Referring first to FIG. 1, there is shown a simplified block diagram of a first embodiment of the system of the invention, generally at reference numeral 100. A text-to-speech (TTS) converter 102 is supplied with a textual input 104 and, under the control of control information 106 provides a stylized audio (i.e., speech) output 108. TTS conversion systems have been available for some time, some provided on stand-alone microchips, not shown. Such microchips have typically provided a small number of program-selectable output voices, for example, a male or female voice. Text supplied to such TTS conversion devices results in a spoken vocal audio output whose quality varies from comical to acceptable to declarative depending primarily upon the age and cost of the TTS converter.

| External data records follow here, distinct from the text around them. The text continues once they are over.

Lemma qform_outer n (z v : 'cV[R]_n) : qform (z *m z^T) v = ((z^T *m v) 0 0) ^+ 2.
Proof.
rewrite /qform !mulmxA -mulmxA mxE big_ord1 expr2; congr (_ * _).
by transitivity ((v^T *m z)^T 0 0); [rewrite [RHS]mxE | rewrite trmx_mul trmxK].
Qed.

Lemma discriminant_le (a b c : R) : 0 <= c ->
  (forall t, 0 <= a + 2 * b * t + c * t ^+ 2) -> b ^+ 2 <= a * c.
Proof.
move=> c_ge0 nonneg; case: (ltrgtP c 0) => [|c_gt0|c0]; first by rewrite ltNge c_ge0.
  have ct : c * (- b / c) = - b by rewrite mulrCA divff ?mulr1 ?gt_eqF.
  by have := nonneg (- b / c); move: ct; nra.
rewrite c0 mulr0; case: (eqVneq b 0) => [->|b_neq0]; first by rewrite expr0n.
have bt : 2 * b * (- (a + 1) / (2 * b)) = - (a + 1).
  by rewrite mulrCA divff ?mulr1 // mulf_neq0 // pnatr_eq0.
by have := nonneg (- (a + 1) / (2 * b)); rewrite c0 mul0r addr0 bt; lra.
Qed.

Lemma psd_cauchy_schwarz n (M : 'M[R]_n) u v : M^T = M -> psd M ->
  bform M u v ^+ 2 <= qform M u * qform M v.
Proof.
move=> sM pM; rewrite mulrC; apply: discriminant_le => [|t]; first exact: pM.
have := pM (v + t *: u).
by rewrite qformE bformDl !bformDr !bformZl !bformZr (bformC u v sM) !qformE; lra.
Qed.
(* For every $n\equiv 7 \pmod{16}$ with $n\geq 23$, there exists an almost 2-perfect maximum 8-cycle packing of $K_n$.
   Context: An 8-cycle packing of $K_n$ on vertex set $\mathcal{X}$ is a triple $(\mathcal{X},\mathcal{C},\mathcal{L})$ with $\mathcal{C}$ a collection of pairwise edge-disjoint 8-cycles of $K_n$ and leave $\mathcal{L}$ the set of edges in no cycle of $\mathcal{C}$; it is maximum if $|\mathcal{L}|$ is minimum among all 8-cycle packings of $K_n$. For an 8-cycle $C$, an inside 8-cycle of $C$ is an 8-cycle on the same vertex set sharing no edge with $C$. The packing is almost 2-perfect if one can choose for each $C\in\mathcal{C}$ an inside 8-cycle $C'$ such that $(\mathcal{X},\{C'\},\mathcal{L})$ is again an 8-cycle packing with the same leave. *)

From HB Require Import structures.
From mathcomp Require Import all_boot.
Set Implicit Arguments. Unset Strict Implicit. Unset Printing Implicit Defensive.

Definition Kedges (n : nat) : {set {set 'I_n}} := [set e : {set 'I_n} | #|e| == 2].

Definition cyc (n : nat) := 8.-tuple 'I_n.

Definition is_cycle8 n (c : cyc n) : bool := uniq c.

Definition cedges n (c : cyc n) : {set {set 'I_n}} :=
  [set [set tnth c i; tnth c (ordS i)] | i : 'I_8].

Definition cverts n (c : cyc n) : {set 'I_n} := [set x in c].

Definition covered n (C : seq (cyc n)) : {set {set 'I_n}} :=
  \bigcup_(c <- C) cedges c.

Definition is_packing n (C : seq (cyc n)) : Prop :=
  all (@is_cycle8 n) C /\
  pairwise (fun c d => [disjoint cedges c & cedges d]) C.

Definition leave n (C : seq (cyc n)) : {set {set 'I_n}} :=
  Kedges n :\: covered C.

Definition is_max_packing n (C : seq (cyc n)) : Prop :=
  is_packing C /\
  forall D : seq (cyc n), is_packing D -> #|leave C| <= #|leave D|.

Definition inside n (c c' : cyc n) : Prop :=
  is_cycle8 c' /\ cverts c' = cverts c /\ [disjoint cedges c & cedges c'].

Definition almost_2perfect n (C : seq (cyc n)) : Prop :=
  exists D : seq (cyc n * cyc n),
    map fst D = C /\
    (forall p, p \in D -> inside p.1 p.2) /\
    is_packing (map snd D) /\
    leave (map snd D) = leave C.

(* Write n = 23 + 16k with vertex set {0, ..., 6} together with blocks
   B_j = [7 + 16j, 23 + 16j) for j <= k.  A design is a list of pairs (s, t) of
   8-cycles, t inside s, such that the first cycles and the second cycles both
   decompose the same graph.  K_23 minus a 5-cycle has such a design, and so do
   K_23 minus K_7 and K_{16,16}; these are checked by computation on small
   labels.  Adding the block B_(k+1) adds exactly a copy of K_23 minus K_7 on
   {0, ..., 6} and B_(k+1), and a copy of K_{16,16} between B_(k+1) and each
   earlier block, so relabelled copies of these designs extend the design.
   The resulting packing leaves 5 edges; since every packing leaves a number of
   edges congruent to 'C(n, 2) modulo 8, it is maximum. *)

From HB Require Import structures.
From mathcomp Require Import all_boot zify.
Set Implicit Arguments. Unset Strict Implicit. Unset Printing Implicit Defensive.
(* In the Poisson-driven SDE setting, let $\psi:\mathcal K\times\mathcal N^\#_{\mathbb R\times\mathcal K}\to[0,\infty]$ be any measurable functional and $N_{\le0}$ any initial condition. If $N,N':\Omega\to\mathcal N^{\#g}_{\mathbb R\times\mathcal K}$ are two non-explosive marked point processes that both solve the Poisson-driven SDE with intensity functional $\psi$ and initial condition $N_{\le0}$, then $N=N'$ almost surely.
   Context: $\mathcal N^\#_{\mathcal Y}$ denotes the boundedly finite $\{0,1,\dots\}\cup\{\infty\}$-valued Borel measures on a complete separable metric space (CSMS) $\mathcal Y$ (Borel $\sigma$-algebra generated by $\xi\mapsto\xi(A)$); for a CSMS $\mathcal K$ with Borel measure $\ell$, $\mathcal N^{\#g}_{\mathbb R\times\mathcal K}$ is the set of $\xi\in\mathcal N^\#_{\mathbb R\times\mathcal K}$ whose ground measure $\xi(\cdot\times\mathcal K)$ is boundedly finite with mass $0$ or $1$ at each time. Non-explosive marked point processes are measurable maps into $\mathcal N^{\#g}_{\mathbb R\times\mathcal K}$. $\theta_t\xi(A)=\xi(A+t)$, $A+t=\{(s+t,u):(s,u)\in A\}$; $\xi|_I$ is the restriction to $I\times\mathcal K$; $\theta_t\xi^-=(\theta_t\xi)|_{(-\infty,0)}$. SDE setting: $N_{\le0}$ is a non-explosive marked point process on $(\Omega_{\le0},\mathcal F_{\le0},\mathbb P_{\le0})$ with no points in $(0,\infty)\times\mathcal K$; $M_{>0}$ is a Poisson process on $\mathbb R\times\mathcal K\times\mathbb R$ with mean measure $dt\,\ell(dm)\,dz$ on $(\Omega_{>0},\mathcal F_{>0},\mathbb P_{>0})$; $(\Omega,\mathcal F,\mathbb P)$ is the completion of the product probability space; $M(\omega):=M_{>0}(\omega_{>0})$ for $\omega=(\omega_{\le0},\omega_{>0})$; $\mathcal F_t$ is the $\mathbb P$-completion of $\mathcal F^{N_{\le0}}_t\otimes\mathcal F^{M_{>0}}_t$, where $\mathcal F^{P}_t$ denotes the internal history $\sigma\{P(A\times U):A\subset(-\infty,t]\}$. A solution of the Poisson-driven SDE is an $\mathbb F$-adapted non-explosive marked point process $N$ such that, almost surely, $N(A)=\iint_A\int_{(0,\lambda(\omega,t,m)]}M(\omega,dt,dm,dz)$ for all Borel $A\subset(0,\infty)\times\mathcal K$, with $\lambda(\omega,t,m)=\psi(m\mid\theta_tN(\omega)^-)$, and $N(\omega)|_{(-\infty,0]}=N_{\le0}(\omega_{\le0})$. *)

From HB Require Import structures.
From mathcomp Require Import all_boot all_order all_algebra.
From mathcomp Require Import all_classical all_reals all_analysis.
From mathcomp Require Import measurable_realfun.

Set Implicit Arguments.
Unset Strict Implicit.
Unset Printing Implicit Defensive.

Import Order.TTheory GRing.Theory Num.Theory.
Import numFieldNormedType.Exports.
Local Open Scope classical_set_scope.
Local Open Scope ring_scope.

Definition Borel {T : topologicalType} : set (set T) := <<s [set: T], @open T >>.

Definition bdd {R : numDomainType} {Y : pseudoMetricType R} (A : set Y) : Prop :=
  exists (y : Y) (r : R), A `<=` ball y r.

(** A measure [xi : set Y -> \bar R] is an element of N^#_Y: a Borel measure
    (only its values on Borel sets matter), with values in {0,1,...} ∪ {oo},
    finite on bounded Borel sets. *)
Definition Nsharp {R : realType} {Y : pseudoMetricType R}
    (xi : set Y -> \bar R) : Prop :=
  [/\ xi set0 = 0%E,
      (forall A, Borel A -> (exists n : nat, xi A = (n%:R)%:E) \/ xi A = +oo%E),
      (forall F : nat -> set Y, (forall n, Borel (F n)) -> trivIset setT F ->
          (fun n => (\sum_(0 <= i < n) xi (F i))%E) @ \oo --> xi (\bigcup_n F n))
    & (forall A, Borel A -> bdd A -> (xi A < +oo)%E)].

Another way the TTS conversion is accomplished is using software running in a general-purpose microprocessor or computer. The sophistication again depends primarily upon the sophistication of the TTS algorithm(s) and the amount of processing resource available to execute it. If, for example, the inventive system 100 is intended to be used with a commercial telephone system incorporating voice mail and other telephonic services for a great number of subscribers, speech processor 102 will probably be implemented as one or more mainframe computer systems, not shown.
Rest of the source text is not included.